In his book "Black Garden: Armenia and Azerbaijan through peace and war" Thomas de Waal makes references to words of the Armenian militaries, who in fact acknowledge their responsibility for crimes committed in Khojaly. Thus, "an Armenian police officer, Major Valery Babayan, suggested revenge as a motive. He told the American reporter Paul Quinn-Judge that many of the fighters who had taken part in the Khojali attack "originally came from Sumgait and places like that" (See Paul Quinne-Judge, "Armenians, Azerbaijanis tell of terror; Behind an alleged massacre, a long trail of personal revenge", Boston Globe, 15 March 1992). But the most important was that the current Minister of Defense Serzh Sarkisian said of what had had happened: "before Khojali, the Azerbaijanis thought that they were joking with us, they thought that the Armenians were people who could not raise their hand against the civilian population. We were able to break that [stereotype]. And that`s what happened. And we should also take into account that amongst those boys were people who had fled from Baku and Sumgait". As Thomas de Waal sums up, "Sarkisian`s account throws a different light on the worst massacre of the Karabakh war, suggesting that the killings may, at least in part, have been a deliberate act of mass killing as intimidation" ("Black Garden: Armenia and Azerbaijan through peace and war" (New York & London: New York University Press, 2003)), pp. 169-172).

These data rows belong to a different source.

(* Let $q$ be a prime power. For any given integers $r>0$ and $\delta>0$ there exist a constant $c_{q,\delta,r}$ and an integer $n_0$ such that for every $n>n_0$, $\mathcal{C}_q(n,n-\delta,r)=c_{q,\delta,r}$.
   Context: For integers $n\ge k\ge r\ge 0$, a $q$-covering design $\mathcal{C}_q(n,k,r)$ is a collection $\mathbb{S}$ of $k$-dimensional subspaces of $\mathbb{F}_q^n$ such that every $r$-dimensional subspace of $\mathbb{F}_q^n$ is contained in at least one element of $\mathbb{S}$. $\mathcal{C}_q(n,k,r)$ denotes the minimum number of subspaces in such a design. *)

From HB Require Import structures.
From mathcomp Require Import all_boot all_order all_algebra all_field.
Set Implicit Arguments. Unset Strict Implicit. Unset Printing Implicit Defensive.
Import GRing.Theory.

Definition is_qcovering (F : finFieldType) (n k r : nat)
    (S : seq {vspace 'rV[F]_n}) : Prop :=
  (forall V, V \in S -> \dim V = k) /\
  (forall U : {vspace 'rV[F]_n}, \dim U = r -> exists2 V, V \in S & (U <= V)%VS).

Definition qcov_number_is (F : finFieldType) (n k r m : nat) : Prop :=
  (exists S : seq {vspace 'rV[F]_n}, [/\ uniq S, is_qcovering k r S & size S = m]) /\
  (forall S : seq {vspace 'rV[F]_n}, uniq S -> is_qcovering k r S -> m <= size S).

From HB Require Import structures.
From mathcomp Require Import all_boot all_order all_algebra all_field.
From mathcomp Require Import zify.
From Stdlib Require Import ClassicalDescription.
Set Implicit Arguments. Unset Strict Implicit. Unset Printing Implicit Defensive.
Import GRing.Theory.

(* Write m(n) for C_q(n, n - delta, r).  It is well defined once
   r + delta <= n: the family of all (n - delta)-subspaces is a covering
   design, and a least size exists by well-ordering.  The heart of the proof
   is that m is nonincreasing in n.  Identify F^(1+n) with F x F^n and lift a
   subspace V of F^n to  lift V = <e_0> + 0 x V,  which raises the dimension
   by one and so keeps the codimension delta.  Every subspace U of F^(1+n)
   lies in lift (pr U), where pr forgets the first coordinate; since pr U has
   dimension at most r, it extends to an r-subspace, so lifting a covering
   design C_q(n, k, r) elementwise gives a covering design C_q(1+n, k+1, r)
   of no larger size.  Finally, a nonincreasing sequence of naturals is
   eventually constant; it is phrased for a functional relation "the n-th
   term is m", so that m(n) need not be defined as a function. *)

Local Open Scope ring_scope.

Section SubspaceDimension.
Variables (K : fieldType) (vT : vectType K).

Lemma dim_addv_line (U : {vspace vT}) v :
  v \notin U -> \dim (U + <[v]>) = (\dim U).+1.
Proof.
move=> vNU; have v_neq0 : v != 0 by apply: contraNneq vNU => ->; rewrite mem0v.
rewrite dimv_disjoint_sum ?dim_vline ?v_neq0 ?addn1 //.
apply/eqP; rewrite -subv0; apply/subvP => w /memv_capP [wU /vlineP [c wc]].
move: wU; rewrite wc memv0; have [-> | c_neq0] := eqVneq c 0; first by rewrite scale0r.
move=> cvU; case/negP: vNU; have := memvZ c^-1 cvU.
by rewrite scalerA mulVf // scale1r.
Qed.

Lemma subspace_extension (U : {vspace vT}) k :
  (\dim U <= k <= dim vT)%N -> exists2 V : {vspace vT}, (U <= V)%VS & \dim V = k.
Proof.
move=> /andP [Uk kvT]; move Ed : (k - \dim U)%N => d.
elim: d U Uk Ed => [|d IH] U Uk Ed.
  by exists U => //; apply/eqP; rewrite eqn_leq Uk /= -subn_eq0 Ed.
have Ult : (\dim U < dim vT)%N by apply: leq_trans kvT; rewrite -subn_gt0 Ed.
have /subvPn [v _ vNU] : ~~ (fullv <= U)%VS.
  by apply: contraTN Ult => /dimvS; rewrite dimvf leqNgt.
have Uv_k : (\dim (U + <[v]>) <= k)%N by rewrite dim_addv_line // -subn_gt0 Ed.
have Uv_d : (k - \dim (U + <[v]>))%N = d by rewrite dim_addv_line // subnS Ed.
have [V UvV dV] := IH _ Uv_k Uv_d.
by exists V => //; apply: subv_trans UvV; apply: addvSl.
Qed.

End SubspaceDimension.

Section Lift.
Variables (K : fieldType) (n : nat).

(* F^(1+n) = F x F^n: the embedding of F^n as the last n coordinates, the
   projection forgetting the first coordinate, and the first unit vector. *)
Definition embed : 'Hom('rV[K]_n, 'rV[K]_(1 + n)) :=
  linfun (mulmxr (row_mx 0 1%:M)).
Definition proj : 'Hom('rV[K]_(1 + n), 'rV[K]_n) :=
  linfun (mulmxr (col_mx 0 1%:M)).
Definition e0 : 'rV[K]_(1 + n) := row_mx 1%:M 0.

Definition lift (V : {vspace 'rV[K]_n}) : {vspace 'rV[K]_(1 + n)} :=
  (embed @: V + <[e0]>)%VS.

Lemma embedE v : embed v = row_mx 0 v.
Proof. by rewrite lfunE /= mul_mx_row mulmx0 mulmx1. Qed.

Lemma projE u : proj u = rsubmx u.
Proof. by rewrite lfunE /= -{1}(hsubmxK u) mul_row_col mulmx0 add0r mulmx1. Qed.

Lemma e0_embed_decomposition u : u = lsubmx u 0 0 *: e0 + embed (proj u).
Proof.
rewrite embedE projE /e0 scale_row_mx scaler0 add_row_mx addr0 add0r.
by rewrite scalemx1 -mx11_scalar hsubmxK.
Qed.

Lemma lker_embed : lker embed = 0%VS.
Proof.
apply/eqP; rewrite -subv0; apply/subvP => v; rewrite memv_ker embedE memv0.
by move=> /eqP/(congr1 rsubmx); rewrite row_mxKr linear0 => ->.
Qed.

Lemma e0_notin_embed (V : {vspace 'rV[K]_n}) : e0 \notin (embed @: V)%VS.
Proof.
apply/memv_imgP => -[v _ /(congr1 lsubmx)]; rewrite embedE /e0 !row_mxKl.
by move/matrixP => /(_ 0 0); rewrite !mxE => /eqP; rewrite oner_eq0.
Qed.

Lemma dim_lift V : \dim (lift V) = (\dim V).+1.
Proof.
by rewrite dim_addv_line ?e0_notin_embed // limg_dim_eq // lker_embed capv0.
Qed.

Lemma liftS V W : (V <= W)%VS -> (lift V <= lift W)%VS.
Proof. by move=> VW; rewrite addvS ?limgS. Qed.

Lemma subv_lift_proj (U : {vspace 'rV[K]_(1 + n)}) : (U <= lift (proj @: U))%VS.
Proof.
apply/subvP => u uU; rewrite (e0_embed_decomposition u) addrC.
by apply: memv_add; [apply/memv_img/memv_img | apply/memvZ/memv_line].
Qed.

End Lift.
Arguments embed {K n}.
Arguments proj {K n}.

Section CoveringDesigns.
Variable F : finFieldType.

Lemma all_subspaces_cover (n k r : nat) : (r <= k <= n)%N ->
  exists S : seq {vspace 'rV[F]_n}, uniq S /\ is_qcovering k r S.
Proof.
move=> /andP [rk kn].
exists (undup [seq V <- [seq <<enum A>>%VS | A : {set 'rV[F]_n}] | \dim V == k]).
split; first exact: undup_uniq.
split=> [V | U dU]; first by rewrite mem_undup mem_filter => /andP [/eqP].
have [V UV dV] : exists2 V : {vspace 'rV[F]_n}, (U <= V)%VS & \dim V = k.
  by apply: subspace_extension; rewrite dU rk dim_matrix mul1r.
exists V => //; rewrite mem_undup mem_filter dV eqxx /=.
apply/mapP; exists [set x in vbasis V]; first by rewrite mem_enum.
rewrite -{1}(span_basis (vbasisP V)); apply: eq_span => x.
by rewrite mem_enum inE.
Qed.

Lemma lift_qcovering (n k r : nat) (S : seq {vspace 'rV[F]_n}) :
  (r <= n)%N -> is_qcovering k r S -> is_qcovering k.+1 r (map (@lift F n) S).
Proof.
move=> rn [dimS coverS]; split=> [_ /mapP [V VS ->] | U dU].
  by rewrite dim_lift dimS.
have [W UW dW] : exists2 W, (proj @: U <= W)%VS & \dim W = r.
  apply: subspace_extension; rewrite dim_matrix mul1r rn andbT.
  by rewrite -dU -(limg_ker_dim proj U) leq_addl.
have [V VS WV] := coverS W dW.
exists (lift V); first exact: map_f.
by apply: subv_trans (subv_lift_proj U) (liftS (subv_trans UW WV)).
Qed.

End CoveringDesigns.

Local Close Scope ring_scope.

Lemma well_ordering (P : nat -> Prop) :
  (exists n, P n) -> exists2 n, P n & forall m, P m -> n <= m.
Proof.
pose p n := if excluded_middle_informative (P n) then true else false.
have pP n : reflect (P n) (p n).
  by rewrite /p; case: excluded_middle_informative => ?; constructor.
move=> [n Pn]; have ex_p : exists n, p n by exists n; apply/pP.
by case: (ex_minnP ex_p) => m /pP Pm m_min; exists m => // k /pP /m_min.
Qed.

Section CoveringNumber.
Variable F : finFieldType.

Lemma qcov_number_exists (n k r : nat) :
  r <= k <= n -> exists m, qcov_number_is F n k r m.
Proof.
move=> rkn; pose covers m := exists S : seq {vspace 'rV[F]_n},
  [/\ uniq S, is_qcovering k r S & size S = m].
have [m cover_m m_min] : exists2 m, covers m & forall m', covers m' -> m <= m'.
  by apply: well_ordering; have [S [uS coverS]] := all_subspaces_cover F rkn;
    exists (size S), S.
by exists m; split=> // S uS coverS; apply: m_min; exists S.
Qed.

Lemma qcov_number_unique (n k r m m' : nat) :
  qcov_number_is F n k r m -> qcov_number_is F n k r m' -> m = m'.
Proof.
move=> [[S [uS coverS <-]] minS] [[T [uT coverT <-]] minT].
by apply/eqP; rewrite eqn_leq minS // minT.
Qed.

Lemma qcov_number_lift (n k r m m' : nat) : r <= n ->
  qcov_number_is F n k r m -> qcov_number_is F n.+1 k.+1 r m' -> m' <= m.
Proof.
move=> rn [[S [_ coverS <-]] _] [_ min'].
apply: leq_trans (min' _ (undup_uniq (map (@lift F n) S)) _) _.
  have [dimS coverS'] := lift_qcovering rn coverS.
  split=> [V | U /coverS' [V VS UV]]; first by rewrite mem_undup; apply: dimS.
  by exists V; rewrite ?mem_undup.
by rewrite (leq_trans (size_undup _)) // size_map.
Qed.

End CoveringNumber.

Section EventuallyConstant.
Variables (R : nat -> nat -> Prop) (N0 : nat).
Hypothesis R_defined : forall n, N0 <= n -> exists m, R n m.
Hypothesis R_functional : forall n m m', R n m -> R n m' -> m = m'.
Hypothesis R_nonincreasing :
  forall n m m', N0 <= n -> R n m -> R n.+1 m' -> m' <= m.

Lemma nonincreasing_from a b ma mb :
  N0 <= a -> a <= b -> R a ma -> R b mb -> mb <= ma.
Proof.
move=> N0a; elim: b mb => [|b IH] mb.
  by rewrite leqn0 => /eqP -> Ra /(R_functional Ra) ->.
rewrite leq_eqVlt => /orP [/eqP <- Ra /(R_functional Ra) -> // | ab Ra Rb].
have [mb' Rb'] := R_defined (leq_trans N0a ab).
exact: leq_trans (R_nonincreasing (leq_trans N0a ab) Rb' Rb) (IH mb' ab Ra Rb').
Qed.

(* The least value c taken from N0 on is taken at some n1, and from then on
   every value is both at most c (monotonicity) and at least c (minimality). *)
Lemma eventually_constant : exists c n1, forall n, n1 < n -> R n c.
Proof.
have [c [n1 N0n1 Rc] c_min] : exists2 c, exists2 n1, N0 <= n1 & R n1 c
    & forall m, (exists2 n, N0 <= n & R n m) -> c <= m.
  by apply: well_ordering; have [m Rm] := R_defined (leqnn N0); exists m, N0.
exists c, n1 => n /ltnW n1n; have N0n := leq_trans N0n1 n1n.
have [m Rm] := R_defined N0n.
suff -> : c = m by [].
by apply/eqP; rewrite eqn_leq c_min ?(nonincreasing_from N0n1 n1n Rc Rm) //; exists n.
Qed.

End EventuallyConstant.

(* From n = r + delta on, C_q(n, n - delta, r) is defined, unique and
   nonincreasing. *)
Theorem mainTheorem1 (F : finFieldType) (r delta : nat) :
  0 < r -> 0 < delta ->
  exists c n0 : nat, forall n : nat, n0 < n -> qcov_number_is F n (n - delta) r c.
Proof.
move=> _ _.
apply: (@eventually_constant _ (r + delta)) => [n rdn | n m m' | n m m' rdn].
- by apply: qcov_number_exists; apply/andP; split; lia.
- exact: qcov_number_unique.
- have -> : n.+1 - delta = (n - delta).+1 by lia.
  by apply: qcov_number_lift; lia.
Qed.
Lemma mwmmw_regret v rho : capped_simplex eps v -> density rho ->
  \sum_(1 <= t < T.+1) frob (Smat g mu (w t)) rho <=
    (1 + eta_rho * nu g) * (1 + eta_w * nu g) *
      \sum_(1 <= t < T.+1) \sum_n lossvec g mu eta_rho w t n * v n
    + (1 + eta_rho * nu g) * RE v (w 1%N) / eta_w
    + ln p%:R / eta_rho.
Proof.
move=> vK rho_dens; set m := lossvec g mu eta_rho w.
have K_pos : exists2 u : 'I_N -> R, capped_simplex eps u & forall n, 0 < u n.
  exists (fun _ : 'I_N => (N%:R : R)^-1); first exact: capped_simplex_uniform.
  by move=> n; rewrite invr_gt0 ltr0n.
have m_bound : forall t, (1 <= t <= T)%N -> forall n, 0 <= m t n <= nu g.
  by move=> t _; exact: lossvec_bound.
have K_convex := @capped_simplex_convex R N eps.
have K_prob := @capped_simplex_prob R N eps.
have mw := mw_regret K_convex K_prob K_pos eta_w_gt0 eta_w_nu_le w1K w1_gt0
  m_bound run vK.
have mmw := @mmw_regret R p p_gt0 (fun t => Smat g mu (w t)) eta_rho T rho
  (fun t => Smat_sym (w t)) eta_rho_gt0 rho_dens.
have own_loss : \sum_(1 <= t < T.+1) frob (Smat g mu (w t)) (rhomat g mu eta_rho w t) =
              \sum_(1 <= t < T.+1) \sum_n m t n * w t n.
  by apply: eq_bigr => t _; rewrite frob_Smat; apply: eq_bigr => n _; rewrite mulrC.
have own_loss_ge0 : 0 <= \sum_(1 <= t < T.+1) \sum_n m t n * w t n.
  rewrite big_nat_cond; apply: sumr_ge0 => t /andP[/andP[t_gt0 t_le] _].
  have [_ wt_gt0] : capped_simplex eps (w t) /\ forall n, 0 < w t n.
    apply: (mw_weights K_convex K_prob K_pos eta_w_gt0 eta_w_nu_le w1K w1_gt0
      m_bound run).
    by rewrite t_gt0 ltnW.
  apply: sumr_ge0 => n _; apply: mulr_ge0; last exact: ltW.
  by case/andP: (lossvec_bound t n).
rewrite own_loss in mmw.
(* The density player's bound loses no multiplicative factor, so the factor
   1 + eta_rho * nu g of the statement is slack. *)
have a_ge0 : 0 <= eta_rho * nu g := mulr_ge0 (ltW eta_rho_gt0) (nu_ge0 g).
have := ler_wpM2l (addr_ge0 ler01 a_ge0) mw.
have : \sum_(1 <= t < T.+1) \sum_n m t n * w t n <=
       (1 + eta_rho * nu g) * \sum_(1 <= t < T.+1) \sum_n m t n * w t n.
  by rewrite ler_peMl // lerDl.
lra.
Qed.

End MWMMWRounds.

Unset Implicit Arguments.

The facts mentioned above confirm that the intentional slaughter of the Khojaly town civilians on 25-26 February 1992, including children, elderly and women, was directed to their mass extermination only because they were Azerbaijanis. The Khojaly town was chosen as a stage for further occupation and ethnic cleansing of Azerbaijani territories, striking terror into the hearts of people and creating panic and fear before the horrifying massacre.
There can not be true, long-term, sustainable peace without justice, without respect for human dignity, human rights and freedoms. This belief has been affirmed by the United Nations General Assembly, almost half century ago, in the Universal Declaration of Human Rights, which apart from proclaiming that "recognition of the inherent dignity and of the equal and inalienable rights of all members of the human family is the foundation of freedom, justice and peace in the world", quite correctly pointed out that "disregard and contempt for human rights have resulted in barbarous acts which have outraged the conscience of mankind" (Universal Declaration of Human Rights, GA res. 217 A (III), 10 December 1948. For text see UN Centre for Human Rights, Human Rights: A Compilation of International Instruments, ST/HR/1/Rev.5, vol. 1 (First Part), New York & Geneva, UN 1994, pp. 1-7, at p. 1).